Deterministic one-way sensitivity analysis will be conducted for CEAs and CUA to assess the quantitative relationship among estimates in parameters that could perform differently in a distinct scenario, such as costs, discount rate, and effects. In these analyses, we will also test the influence of different baseline conditions as covariates associated with the effects and costs , checking the possibility of extrapolating data from this single trial to a broader population. The results will be demonstrated in a tornado diagram.
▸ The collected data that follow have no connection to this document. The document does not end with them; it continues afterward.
(* Let $n\geq 1$. Choose edges of the complete bipartite graph $K_{n,n}$ one at a time in a uniformly random order (without repetition), stopping as soon as every vertex has degree at least one; call the resulting random graph $G_\omega$. Then the expected number of perfect matchings contained in $G_\omega$ is $$n!\left(\frac{2}{\binom{2n-1}{n}} - \frac{1}{\binom{3n-2}{n}}\right).$$
   Context: Precisely: a uniformly random ordering $(e_1,\dots,e_{n^2})$ of the edges of $K_{n,n}$ is chosen, $k$ is the least index such that the graph on all $2n$ vertices with edges $e_1,\dots,e_k$ has no isolated vertex, and $G_\omega$ is that graph. A perfect matching is a set of edges such that every vertex lies in exactly one of them. *)

From mathcomp Require Import all_boot all_order all_algebra.
Set Implicit Arguments. Unset Strict Implicit. Unset Printing Implicit Defensive.

(* Edges of K_{n,n}: a pair (i, j) joins left vertex i to right vertex j. *)
Definition edge (n : nat) := ('I_n * 'I_n)%type.

(* An ordering (e_1, ..., e_{n^2}) of the edges: an injective (hence bijective)
   map from positions 'I_(n*n) to edges.  Position p : 'I_(n*n) holds e_{p+1}. *)
Definition ordering (n : nat) := {ffun 'I_(n * n) -> edge n}.
Definition is_ordering n (o : ordering n) : bool := injectiveb o.

Definition no_isolated n (o : ordering n) (k : nat) : bool :=
  [forall i : 'I_n, exists p : 'I_(n * n), (p < k) && ((o p).1 == i)] &&
  [forall j : 'I_n, exists p : 'I_(n * n), (p < k) && ((o p).2 == j)].

Definition stop_time n (o : ordering n) : nat :=
  find (no_isolated o) (iota 0 (n * n).+1).

Definition G_omega n (o : ordering n) : {set edge n} :=
  [set o p | p : 'I_(n * n) & p < stop_time o].

Definition perfect_matching n (M : {set edge n}) : bool :=
  [forall i : 'I_n, #|[set e in M | e.1 == i]| == 1] &&
  [forall j : 'I_n, #|[set e in M | e.2 == j]| == 1].

Definition num_pm_in n (G : {set edge n}) : nat :=
  #|[set M : {set edge n} | (M \subset G) && perfect_matching M]|.

Definition expected_pm (n : nat) : rat :=
  ((\sum_(o : ordering n | is_ordering o) (num_pm_in (G_omega o))%:R) /
   (#|[pred o : ordering n | is_ordering o]|)%:R)%R.

From mathcomp Require Import all_boot all_order all_algebra fingroup perm ring zify.
Set Implicit Arguments. Unset Strict Implicit. Unset Printing Implicit Defensive.
Import GRing.Theory Num.Theory.

(* Perfect matchings of K_{n,n} are the sets M_s = {(i, s i)} for permutations s.  Such an
   M_s lies in G_omega exactly when, at the arrival of its last edge e, an endpoint of e is
   still isolated: the n - 1 other edges of M_s come before e, and the n - 1 other edges
   through one endpoint of e all come after it.  Since the relative order of any fixed set of
   edges is uniform, a pattern "the set S before e before the set U" has probability
   |S|! |U|! / (|S| + |U| + 1)!.  Inclusion-exclusion over the two endpoints and summation
   over the n choices of e and the n! matchings give
   n! n (2 (n-1)!^2 / (2n-1)! - (n-1)! (2n-2)! / (3n-2)!), the stated binomial expression. *)

Lemma index_filter_ltE (T : eqType) (a : pred T) (s : seq T) x y :
  a x -> a y -> (index x (filter a s) < index y (filter a s)) = (index x s < index y s).
Proof.
move=> ax ay; elim: s => [|z s IHs] //=.
have [zx|zx] := eqVneq z x; first by subst z; rewrite ax /= eqxx; case: (x == y).
have [zy|zy] := eqVneq z y; first by subst z; rewrite ay /= eqxx (negbTE zx).
by case: (a z); rewrite /= ?(negbTE zx) ?(negbTE zy) ?ltnS.
Qed.

Lemma uniq_size_perm_enum (T : finType) (s : seq T) :
  uniq s -> size s = #|T| -> perm_eq s (enum T).
Proof.
move=> s_uniq s_size; apply: uniq_perm => [//||x]; first exact: enum_uniq.
have /subset_cardP sT : #|mem s| = #|(predT : pred T)| by rewrite (card_uniqP s_uniq).
by rewrite mem_enum -(sT (subset_predT _) x).
Qed.
(* Let $p\in\{1,2\}$ and assume the measures $\mu^1,\dots,\mu^N$ are not all equal. Let $\pi^{ij}$ ($1\le i,j\le N$) be the plans of the pairwise algorithm, let $m^i_k\in\mathbb{R}^d$ ($i=1,\dots,N$, $k=1,\dots,n_i$) be arbitrary points, and let $\tilde\nu\coloneqq\sum_{i=1}^N\lambda_i\sum_{k=1}^{n_i}\mu^i_k\delta(m^i_k)$. Then for any optimal barycenter $\hat\nu$ (minimizer of $\Psi_p$), $$\frac{\Psi_p(\tilde\nu)}{\Psi_p(\hat\nu)}\le\frac{\sum_{i=1}^N\lambda_i\sum_{j=1}^N\lambda_j\sum_{k=1}^{n_i}\sum_{l=1}^{n_j}\pi^{ij}_{k,l}\|m^i_k-x^j_l\|^p}{\sum_{1\le i<j\le N}\lambda_i\lambda_j\mathcal{W}_p^p(\mu^i,\mu^j)}.$$
   Context: $\|\cdot\|$ is the Euclidean norm on $\mathbb{R}^d$. For finitely supported probability measures $\mu,\nu$ on $\mathbb{R}^d$, $\mathcal{W}_p^p(\mu,\nu)\coloneqq\min_{\pi\in\Pi(\mu,\nu)}\int\|x-y\|^p\,d\pi$, with $\Pi(\mu,\nu)$ the set of couplings. Fix $N\ge2$, $\lambda\in\Delta_N\coloneqq\{\lambda\in(0,1)^N:\sum_i\lambda_i=1\}$, and discrete probability measures $\mu^i=\sum_{l=1}^{n_i}\mu^i_l\delta(x^i_l)$, $i=1,\dots,N$, with positive weights and pairwise distinct points for each $i$. $\Psi_p(\nu)\coloneqq\sum_{i=1}^N\lambda_i\mathcal{W}_p^p(\nu,\mu^i)$. Plans of the pairwise algorithm: $\pi^{ii}\coloneqq\sum_k\mu^i_k\delta(x^i_k,x^i_k)$ (so $\pi^{ii}_{k,l}=\mu^i_k$ if $l=k$, else $0$); for $i<j$, $\pi^{ij}=\sum_{k,l}\pi^{ij}_{k,l}\delta(x^i_k,x^j_l)\in\Pi(\mu^i,\mu^j)$ is an optimal plan for cost $\|x-y\|^p$; and $\pi^{ji}_{l,k}\coloneqq\pi^{ij}_{k,l}$. *)

From HB Require Import structures.
From mathcomp Require Import all_boot all_order all_algebra.
From mathcomp Require Import boolp classical_sets reals.
Set Implicit Arguments. Unset Strict Implicit. Unset Printing Implicit Defensive.
Import Order.TTheory GRing.Theory Num.Theory.
Local Open Scope ring_scope.
Local Open Scope classical_set_scope.

Definition enorm {R : realType} {d : nat} (v : 'rV[R]_d) : R :=
  Num.sqrt (\sum_(i < d) (v ord0 i) ^+ 2).

(* A finitely supported measure on R^d, given by a finite index type,
   weights and atoms:  sum_{k : dI} dw k * delta(dx k). *)
Record dmeas (R : realType) (d : nat) := DMeas {
  dI : finType;
  dw : dI -> R;
  dx : dI -> 'rV[R]_d }.
Arguments DMeas {R d} dI dw dx.
Arguments dI {R d} _.
Arguments dw {R d} _ _.
Arguments dx {R d} _ _.

Definition is_prob {R : realType} {d : nat} (nu : dmeas R d) : Prop :=
  (forall k, 0 <= dw nu k) /\ \sum_(k : dI nu) dw nu k = 1.

Definition mass {R : realType} {d : nat} (nu : dmeas R d) (y : 'rV[R]_d) : R :=
  \sum_(k : dI nu | dx nu k == y) dw nu k.

Definition meas_eq {R : realType} {d : nat} (mu nu : dmeas R d) : Prop :=
  forall y, mass mu y = mass nu y.

Definition coupling {R : realType} {d : nat} (mu nu : dmeas R d)
  (pi : dI mu -> dI nu -> R) : Prop :=
  (forall k l, 0 <= pi k l) /\
  (forall k, \sum_(l : dI nu) pi k l = dw mu k) /\
  (forall l, \sum_(k : dI mu) pi k l = dw nu l).

Definition tcost {R : realType} {d : nat} (p : nat) (mu nu : dmeas R d)
  (pi : dI mu -> dI nu -> R) : R :=
  \sum_(k : dI mu) \sum_(l : dI nu) pi k l * enorm (dx mu k - dx nu l) ^+ p.

(* W_p^p(mu, nu) = min over couplings of the transport cost (written as the
   infimum, which is attained) *)
Definition Wpp {R : realType} {d : nat} (p : nat) (mu nu : dmeas R d) : R :=
  inf [set c | exists pi : dI mu -> dI nu -> R, coupling pi /\ c = tcost p pi].

Definition Psi {R : realType} {d N : nat} (p : nat) (lam : 'I_N -> R)
  (mus : 'I_N -> dmeas R d) (nu : dmeas R d) : R :=
  \sum_(i < N) lam i * Wpp p nu (mus i).

Definition mkmu {R : realType} {d N : nat} (n : 'I_N -> nat)
  (w : forall i, 'I_(n i) -> R) (x : forall i, 'I_(n i) -> 'rV[R]_d)
  (i : 'I_N) : dmeas R d :=
  DMeas 'I_(n i) (w i) (x i).

Definition mixmeas {R : realType} {d N : nat} (lam : 'I_N -> R) (n : 'I_N -> nat)
  (w : forall i, 'I_(n i) -> R) (m : forall i, 'I_(n i) -> 'rV[R]_d) : dmeas R d :=
  DMeas {i : 'I_N & 'I_(n i)}
    (fun t => lam (tag t) * w (tag t) (tagged t))
    (fun t => m (tag t) (tagged t)).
Additionally, a Bayesian approach will be used to explore uncertainties on the same parameters. By adopting this approach, we will describe the probabilities around the actual values obtained in this study [31–33]. The data distribution of costs and effects will be checked using XLSTAT 2017 (Addinsoft, Paris, France), and, based on that distribution, Monte-Carlo simulations (10,000) will be generated to be plotted in a cost-effectiveness plane (CE plane). The proportion of points in each quadrant of the CE plane will be calculated, and the location of points will also be assessed visually. We will calculate the incremental net benefit using the following equation:
\(Incremental Net Benefit=Incremental Effect \times Ceiling Ratio -Incremental Cost\) , being value 1 for a positive coefficient and 0 for a negative coefficient value. Thus, for the interpretation, if the difference is higher than zero (the value 1), it means that for one additional unit of effectiveness, the incremental cost is below the Ceiling Ratio (the maximum value that decision-makers are willing to pay). If the difference is less than zero (the value 0), then, for one additional unit of effectiveness the incremental cost is above the Ceiling Ratio . Finally, acceptability curves will be plotted for each effect using incremental net benefit framework and assuming different ceiling ratios to check the uncertainties around threshold points.
Subgroup analyses considering age (3 to 6 vs 7 to 10 years) and patients' caries experience (≤ 3 vs > 3 restorations) will also be conducted.
Modelling for primary tooth lifetime horizon
As a secondary aim, we will construct a decision analytic modelling framework to extrapolate the results for a primary molar lifetime horizon. As the base case, we will consider a child as those enrolled in the trial. Then, based on the mean age of children enrolled on the main trial, we will establish the number of cycles of the Markov model.
Probabilities and costs will be extracted from the main trial. If necessary, any additional reference value will be identified from the literature. The SG experiment will generate utility values. We will assume that probabilities will maintain the same at each cycle until such horizon. The half-cycle correction will be used to account for the fact that events and transitions can occur at any point during the cycle, not necessarily at the start or end of each cycle.
The same strategies of the 2-year time analyses will be used for deterministic and probabilistic analyses using the model framework. The final interpretation of uncertainties will be considered for this longer time horizon. Data will be modelled and analyzed using a Markov simulation model. Tree Age Pro 2017 (TreeAge Software, Williamstown, MA, USA).